Apropos both the historical vampire and Roger Ebert's trenchant observation, I greatly enjoyed reading a scholarly and very stimulating book entitled, "The Living Dead: A Study of the Vampire in Romantic Literature," by James B. Twitchell (Duke University Press). In the introduction he provides a useful prehistory of the vampire legend, including a pithy and gory account of Vlad II. The book centers on the influence of the vampire legend on Romantic literature, and is full of fascinating analyses and detail.

Here is but one thought-provoking example, a quote from the 19th century English critic Walter Pater, with which Prof. Twitchell begins the chapter, "The Female Vampire":

"[The Mona Lisa] is expressive of what in the ways of a thousand years men had come to desire. Hers is the head upon which all 'the ends of the world are come,' and the eyelids are a little weary. It is a beauty wrought out from within upon the flesh, the deposit, little cell by cell, of strange thoughts and fantastic reveries and exquisite passions. Set it for one moment beside one of those Greek goddesses or beautiful women of antiquity, and how would they be troubled by this beauty, into which the soul with all its maladies has passed.
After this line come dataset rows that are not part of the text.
(* Let $X$ be a separable $F$-space and let $A$ be a densely defined closed linear operator in $X$ such that $A^r$ is a closed operator for every positive integer $r$. Suppose there are a dense subset $X_0\subset D(A^\infty):=\bigcap_{n\ge 0}D(A^n)$ of $X$ and a mapping $B:X_0\to X_0$ such that: (1) $ABx=x$ for all $x\in X_0$; (2) $\sum_{n=1}^\infty A^n x$ converges unconditionally for all $x\in X_0$; (3) $\sum_{n=1}^\infty B^n x$ converges unconditionally for all $x\in X_0$. Then $A$ is frequently hypercyclic.
   Context: An $F$-space is a topological vector space over $\mathbb{K}\in\{\mathbb{R},\mathbb{C}\}$ whose topology is given by a complete translation-invariant metric, equivalently by an $F$-norm $\|\cdot\|$ (satisfying $\|x\|=0\iff x=0$; $\|\lambda x\|\le\|x\|$ for $|\lambda|\le1$; $\lim_{\lambda\to0}\|\lambda x\|=0$; $\|x+y\|\le\|x\|+\|y\|$). A series $\sum_k x_k$ in $X$ converges unconditionally if for every $\varepsilon>0$ there is $N\ge1$ such that $\|\sum_{k\in F}x_k\|<\varepsilon$ for every finite $F\subset\mathbb{N}$ with $F\cap\{1,\dots,N\}=\emptyset$. The domain of $A^n$ is $D(A^n)=\{x: x,Ax,\dots,A^{n-1}x\in D(A)\}$. The lower density of $E\subset\mathbb{N}$ is $\underline{\mathrm{dens}}(E)=\liminf_{N\to\infty}\#(E\cap\{1,\dots,N\})/N$. A (possibly unbounded) densely defined operator $T$ in $X$ is frequently hypercyclic if there is a vector $f\in D(T)$ such that $T^nf\in D(T)$ for every $n\ge1$ and, for every non-empty open $U\subset X$, the set $\{n\in\mathbb{N}: T^nf\in U\}$ has positive lower density. *)

From mathcomp Require Import all_boot all_order all_algebra.
From mathcomp Require Import all_classical all_reals.
From mathcomp Require Import sequences.
From mathcomp.real_closed Require Import complex.

Set Implicit Arguments.
Unset Strict Implicit.
Unset Printing Implicit Defensive.

Import Order.TTheory GRing.Theory Num.Theory.
Local Open Scope classical_set_scope.
Local Open Scope ring_scope.

Section FSpaces.
Variables (R : realType) (K : numFieldType) (X : lmodType K).
Variable nrm : X -> R.

Definition is_Fnorm : Prop :=
  [/\ (forall x : X, nrm x = 0 <-> x = 0),
      (forall (l : K) (x : X), `|l| <= 1 -> nrm (l *: x) <= nrm x),
      (forall (x : X) (e : R), 0 < e ->
         exists d : K, 0 < d /\ forall l : K, `|l| < d -> nrm (l *: x) < e) &
      (forall x y : X, nrm (x + y) <= nrm x + nrm y)].

Definition Fcomplete : Prop :=
  forall u : nat -> X,
    (forall e : R, 0 < e -> exists N : nat, forall m n : nat,
        (N <= m)%N -> (N <= n)%N -> nrm (u m - u n) < e) ->
    exists x : X, forall e : R, 0 < e -> exists N : nat, forall n : nat,
        (N <= n)%N -> nrm (u n - x) < e.

Definition Fdense (S : set X) : Prop :=
  forall (x : X) (e : R), 0 < e -> exists s : X, S s /\ nrm (s - x) < e.

Definition Fopen (U : set X) : Prop :=
  forall u : X, U u -> exists e : R, 0 < e /\ forall y : X, nrm (y - u) < e -> U y.

Definition Fseparable : Prop := exists S : set X, countable S /\ Fdense S.

Definition Fspace : Prop := is_Fnorm /\ Fcomplete.

(* Unbounded operators: a domain D and a map A (only meaningful on D). *)
Definition linear_op (D : set X) (A : X -> X) : Prop :=
  [/\ D 0,
      (forall x y, D x -> D y -> D (x + y)),
      (forall (l : K) x, D x -> D (l *: x)),
      (forall x y, D x -> D y -> A (x + y) = A x + A y) &
      (forall (l : K) x, D x -> A (l *: x) = l *: A x)].

(* Closed operator: the graph {(x, A x) : x in D} is closed in X x X. *)
Definition closed_op (D : set X) (A : X -> X) : Prop :=
  forall x y : X,
    (forall e : R, 0 < e -> exists z : X, [/\ D z, nrm (z - x) < e & nrm (A z - y) < e]) ->
    D x /\ A x = y.

(* D(A^n) = {x : x, Ax, ..., A^(n-1) x in D(A)}; A^n acts as iter n A. *)
Definition dom_pow (D : set X) (A : X -> X) (n : nat) : set X :=
  fun x => forall k : nat, (k < n)%N -> D (iter k A x).

Definition dom_inf (D : set X) (A : X -> X) : set X :=
  fun x => forall n : nat, dom_pow D A n x.

Definition uncond_conv (u : nat -> X) : Prop :=
  forall e : R, 0 < e -> exists N : nat, (1 <= N)%N /\
    forall s : seq nat, uniq s -> all (fun k => (N < k)%N) s ->
      nrm (\sum_(k <- s) u k) < e.

End FSpaces.

Definition lower_density (R : realType) (E : set nat) : \bar R :=
  limn_einf (fun N : nat =>
    ((\sum_(1 <= n < N.+1) (if `[< E n >] then 1 else 0 : R)) / N%:R)%:E).

Definition freq_hypercyclic (R : realType) (K : numFieldType) (X : lmodType K)
  (nrm : X -> R) (D : set X) (T : X -> X) : Prop :=
  exists f : X, D f /\ (forall n : nat, (1 <= n)%N -> D (iter n T f)) /\
    forall U : set X, Fopen nrm U -> U !=set0 ->
      (0 < lower_density R [set n | U (iter n T f)])%E.

Definition theorem2p1_for (R : realType) (K : numFieldType) : Prop :=
  forall (X : lmodType K) (nrm : X -> R) (D : set X) (A : X -> X),
    Fspace nrm -> Fseparable nrm ->
    linear_op D A -> Fdense nrm D -> closed_op nrm D A ->
    (forall r : nat, (0 < r)%N -> closed_op nrm (dom_pow D A r) (iter r A)) ->
    forall (X0 : set X) (B : X -> X),
      X0 `<=` dom_inf D A -> Fdense nrm X0 ->
      (forall x, X0 x -> X0 (B x)) ->
      (forall x, X0 x -> A (B x) = x) ->
      (forall x, X0 x -> uncond_conv nrm (fun n => iter n A x)) ->
      (forall x, X0 x -> uncond_conv nrm (fun n => iter n B x)) ->
      freq_hypercyclic nrm D A.

From mathcomp Require Import all_boot all_order all_algebra.
From mathcomp Require Import all_classical all_reals.
From mathcomp Require Import ereal topology normedtype sequences.
From mathcomp.real_closed Require Import complex.
From mathcomp Require Import zify lra.
Set Implicit Arguments.
Unset Strict Implicit.
Unset Printing Implicit Defensive.
Import Order.TTheory GRing.Theory Num.Theory.

(* Choose a sequence (y_l) in X0 that returns arbitrarily close to every point
   of X at arbitrarily late indices, and thresholds N_j ([gap j]) beyond which
   all tails of the unconditionally convergent series sum_n A^n y_k and
   sum_n B^n y_k, k <= j, are smaller than a weight w_j of order 2^-j.  Next
   build sets E_k ([sep_set k]) of positive lower density whose elements are
   far apart: |n - m| > N_(max k j) for distinct n in E_k, m in E_j (E_k is a
   residue class modulo a rapidly growing period, thinned by a few residues
   modulo the later periods).  Put f = sum_k sum_(n in E_k) B^n y_k.  As
   AB = id on X0, for m in E_l the vector A^m f is y_l plus, for each other
   pair (k, n), a term A^(m-n) y_k or B^(n-m) y_k; grouped by k these are tails
   of the two series, so A^m f lies within 4 2^-l of y_l.  Closedness of A^m
   makes f an element of D(A^m), with A^m f the limit of A^m applied to the
   partial sums of f.  Thus every nonempty open set contains A^m f for all m
   in some E_l. *)

Lemma count_iota_leq (p : pred nat) N M :
  N <= M -> count p (iota 0 N) <= count p (iota 0 M).
Proof. by move=> /subnK <-; rewrite addnC iotaD count_cat leq_addr. Qed.

Lemma count_iota_modn (p : pred nat) q a : 0 < q ->
  count (fun n => p (n %% q)) (iota 0 (a * q)) = a * count p (iota 0 q).
Proof.
move=> q0; elim: a => [|a IH]; first by rewrite mul0n.
rewrite mulSn addnC iotaD count_cat IH add0n mulSn addnC; congr (_ + _).
rewrite -[a * q]addn0 iotaDl count_map; apply: eq_in_count => x.
by rewrite mem_iota /= => hx; rewrite modnMDl modn_small.
Qed.

Lemma count_iota_between lo hi q :
  count (fun x => lo <= x <= hi) (iota 0 q) <= hi.+1 - lo.
Proof.
rewrite -size_filter -(size_iota lo (hi.+1 - lo)).
apply: uniq_leq_size; first by rewrite filter_uniq // iota_uniq.
move=> x; rewrite mem_filter mem_iota => /andP[/andP[h1 h2] _].
rewrite mem_iota; lia.
Qed.

Lemma count_has_le_sum (T : eqType) (c : nat -> pred T) (J : seq nat) (s : seq T) :
  count (fun x => has (c^~ x) J) s <= \sum_(j <- J) count (c j) s.
Proof.
elim: J => [|j J IH]; first by rewrite big_nil count_pred0.
rewrite big_cons.
apply: (@leq_trans (count (predU (c j) (fun x => has (c^~ x) J)) s)).
  exact: sub_count.
rewrite -(leq_add2r (count (predI (c j) (fun x => has (c^~ x) J)) s)).
by rewrite count_predUI -addnA leq_add2l (leq_trans IH) ?leq_addr.
Qed.

Lemma count_le_cover (T : eqType) (a b : pred T) (c : nat -> pred T)
    (J : seq nat) (s : seq T) :
  (forall x, x \in s -> a x -> b x || has (c^~ x) J) ->
  count a s <= count b s + \sum_(j <- J) count (c j) s.
Proof.
move=> cover.
have -> : count a s = count (fun x => a x && (b x || has (c^~ x) J)) s.
  by apply: eq_in_count => x xs /=; case ax: (a x) => //=; rewrite cover.
apply: (@leq_trans (count (predU b (fun x => has (c^~ x) J)) s)).
  by apply: sub_count => x /andP[].
rewrite -(leq_add2r (count (predI b (fun x => has (c^~ x) J)) s)).
rewrite count_predUI -addnA leq_add2l.
exact: leq_trans (count_has_le_sum _ _ _) (leq_addr _ _).
Qed.

Lemma divn_lt_gap n m q : n %/ q < m %/ q -> n %/ q * q + q <= m %/ q * q.
Proof. by move=> lt_nm; rewrite addnC -mulSn leq_mul2r lt_nm orbT. Qed.

Lemma eq_modn_gap n m q : n %% q = m %% q -> n != m -> (n + q <= m) || (m + q <= n).
Proof.
move=> nm_q nm; have n_eq := divn_eq n q; have m_eq := divn_eq m q.
rewrite nm_q in n_eq; have [ab|ba|ab] := ltngtP (n %/ q) (m %/ q).
- by have := divn_lt_gap ab; lia.
- by have := divn_lt_gap ba; lia.
- by rewrite ab in n_eq; move/eqP: nm; lia.
Qed.

Lemma modn_off_centre_gap n m p N : N < p -> m %% (2 * p) = p ->
  (n %% (2 * p) + N < p) || (p + N < n %% (2 * p)) -> (n + N < m) || (m + N < n).
Proof.
move=> Np m_q off; have n_eq := divn_eq n (2 * p); have m_eq := divn_eq m (2 * p).
have n_lt : n %% (2 * p) < 2 * p by rewrite ltn_mod; lia.
rewrite m_q in m_eq; have [ab|ba|ab] := ltngtP (n %/ (2 * p)) (m %/ (2 * p)).
- by have := divn_lt_gap ab; lia.
- by have := divn_lt_gap ba; lia.
- rewrite ab in n_eq; lia.
Qed.

Section SeparatedSets.
Variable gap : nat -> nat.

(* The factor [40 (2 gap j + 1) 2^j] yields [period_growth]: the residues
   excluded by [off_centre j] then take at most a [2^-(j+1)] share of each
   residue class modulo [period k], k < j. *)
Fixpoint centre (j : nat) : nat :=
  if j is j'.+1 then 40 * (2 * gap j + 1) * 2 ^ j * centre j'
  else 2 * gap 0 + 2.

Definition period j := 2 * centre j.

Definition off_centre j n :=
  (n %% period j + gap j < centre j) || (centre j + gap j < n %% period j).

(* Elements of different [sep_set]s are far apart: for [k < j <= n] the
   residue of [n] in [sep_set k] modulo [period j] avoids the neighbourhood of
   [centre j], where the residue of every [m] in [sep_set j] sits, and for
   [j > n] every such [m] is at least [centre j > n + gap j]. *)
Definition sep_set k n :=
  (n %% period k == centre k) && all (off_centre^~ n) (iota k.+1 (n - k)).

Lemma centre_gt0 j : 0 < centre j.
Proof. by elim: j => [|j IH] /=; rewrite ?muln_gt0 ?expn_gt0 ?IH; lia. Qed.

Lemma centre_large j : 2 * gap j + j < centre j.
Proof.
case: j => [/=|j]; first lia.
rewrite /=; have c_gt0 := centre_gt0 j.
have j_lt : j.+2 <= 2 ^ j.+1 by rewrite ltn_expl.
set a := 2 * gap j.+1 + 1; set b := 2 ^ j.+1 in j_lt *.
have h1 : a * b <= a * b * centre j by rewrite leq_pmulr.
have h2 : a * j.+2 <= a * b by rewrite leq_mul2l j_lt orbT.
rewrite -mulnA -mulnA mulnA; nia.
Qed.

Lemma period_gt0 j : 0 < period j.
Proof. by rewrite /period muln_gt0 centre_gt0. Qed.

Lemma period_mono k j : k <= j -> period k <= period j.
Proof.
move=> /subnK <-; elim: (j - k) => [//|d IH]; rewrite addSn.
apply: leq_trans IH _; rewrite leq_mul2l /= leq_pmull //.
by rewrite !muln_gt0 expn_gt0; lia.
Qed.

Lemma period_growth k j : k < j ->
  5 * (2 * gap j + 1) * 2 ^ j.+1 * period k <= period j.
Proof.
case: j => [//|j] kj; have := period_mono (ltnSE kj); rewrite /period /= => le_kj.
rewrite expnS; set a := 2 * gap j.+1 + 1; set b := 2 ^ j.+1.
have : a * b * (2 * centre k) <= a * b * (2 * centre j) by rewrite leq_mul2l le_kj orbT.
lia.
Qed.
All the thoughts and experience of the world have etched and molded there, in that which they have of power to refine and make expressive the outward form, the animalism of Greece, the lust of Rome, the mysticism of the Middle Age with its spiritual ambition and imaginative loves, the return of the Pagan world, the sins of the Borgias. She is older than the rocks among which she sits; like the vampire, she has been dead many times, and learned the secrets of the grave."

As Professor Twitchell observes, "her story is one the young Romantics never tired of telling."

Anyway, great fun, and far from mindless!

P.S. I enjoyed another book of Prof. Twitchell's too, entitled "Where Men Hide" - in virtual caves of all sorts (bars, barbershops, strip clubs, cars, boxing rings, lodges, basements, garages, workshops, offices, etc., etc.). He is certainly on to something!

Anthony Hogg said...

I checked out the link you provided, Niels and found my way into the gift shop. It certainly does look like a beautiful volume.

But I also found out that the postage to Australia would cost 18 Euro. Yikes.

Gonna have to start saving for that one!